Aim of the task:
Using the records below, give again exactly the lines from the line that contains "Definition eval_ps (a" through the line that contains "Definition korenblum_norm (alpha", both ends included, and only those.

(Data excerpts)
================

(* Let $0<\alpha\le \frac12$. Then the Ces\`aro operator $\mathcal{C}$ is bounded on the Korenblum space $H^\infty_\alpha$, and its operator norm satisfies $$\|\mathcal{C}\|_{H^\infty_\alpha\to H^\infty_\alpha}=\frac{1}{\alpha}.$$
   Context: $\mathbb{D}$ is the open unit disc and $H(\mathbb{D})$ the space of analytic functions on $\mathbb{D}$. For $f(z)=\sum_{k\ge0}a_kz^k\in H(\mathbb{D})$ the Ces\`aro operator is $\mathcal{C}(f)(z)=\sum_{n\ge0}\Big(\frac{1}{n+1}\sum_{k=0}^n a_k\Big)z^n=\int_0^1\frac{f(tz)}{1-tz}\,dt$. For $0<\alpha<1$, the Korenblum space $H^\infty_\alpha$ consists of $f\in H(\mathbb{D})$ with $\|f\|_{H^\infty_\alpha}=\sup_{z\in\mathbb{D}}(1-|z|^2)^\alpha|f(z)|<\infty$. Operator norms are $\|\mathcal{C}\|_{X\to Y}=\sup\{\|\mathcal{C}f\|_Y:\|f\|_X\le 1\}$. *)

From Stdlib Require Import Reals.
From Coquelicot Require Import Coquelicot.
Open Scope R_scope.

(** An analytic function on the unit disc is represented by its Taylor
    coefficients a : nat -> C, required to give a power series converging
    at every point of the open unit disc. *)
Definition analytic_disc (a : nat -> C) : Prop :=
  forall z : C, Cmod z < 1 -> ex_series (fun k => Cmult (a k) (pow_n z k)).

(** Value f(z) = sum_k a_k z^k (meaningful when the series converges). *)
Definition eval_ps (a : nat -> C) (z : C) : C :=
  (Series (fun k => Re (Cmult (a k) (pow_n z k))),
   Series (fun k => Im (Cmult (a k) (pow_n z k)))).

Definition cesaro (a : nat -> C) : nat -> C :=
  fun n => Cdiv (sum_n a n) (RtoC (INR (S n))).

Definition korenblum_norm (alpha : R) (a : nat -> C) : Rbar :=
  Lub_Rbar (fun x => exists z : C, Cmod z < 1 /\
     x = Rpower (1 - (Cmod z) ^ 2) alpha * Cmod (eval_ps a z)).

================

Reply:
Definition eval_ps (a : nat -> C) (z : C) : C :=
  (Series (fun k => Re (Cmult (a k) (pow_n z k))),
   Series (fun k => Im (Cmult (a k) (pow_n z k)))).

Definition cesaro (a : nat -> C) : nat -> C :=
  fun n => Cdiv (sum_n a n) (RtoC (INR (S n))).

Definition korenblum_norm (alpha : R) (a : nat -> C) : Rbar :=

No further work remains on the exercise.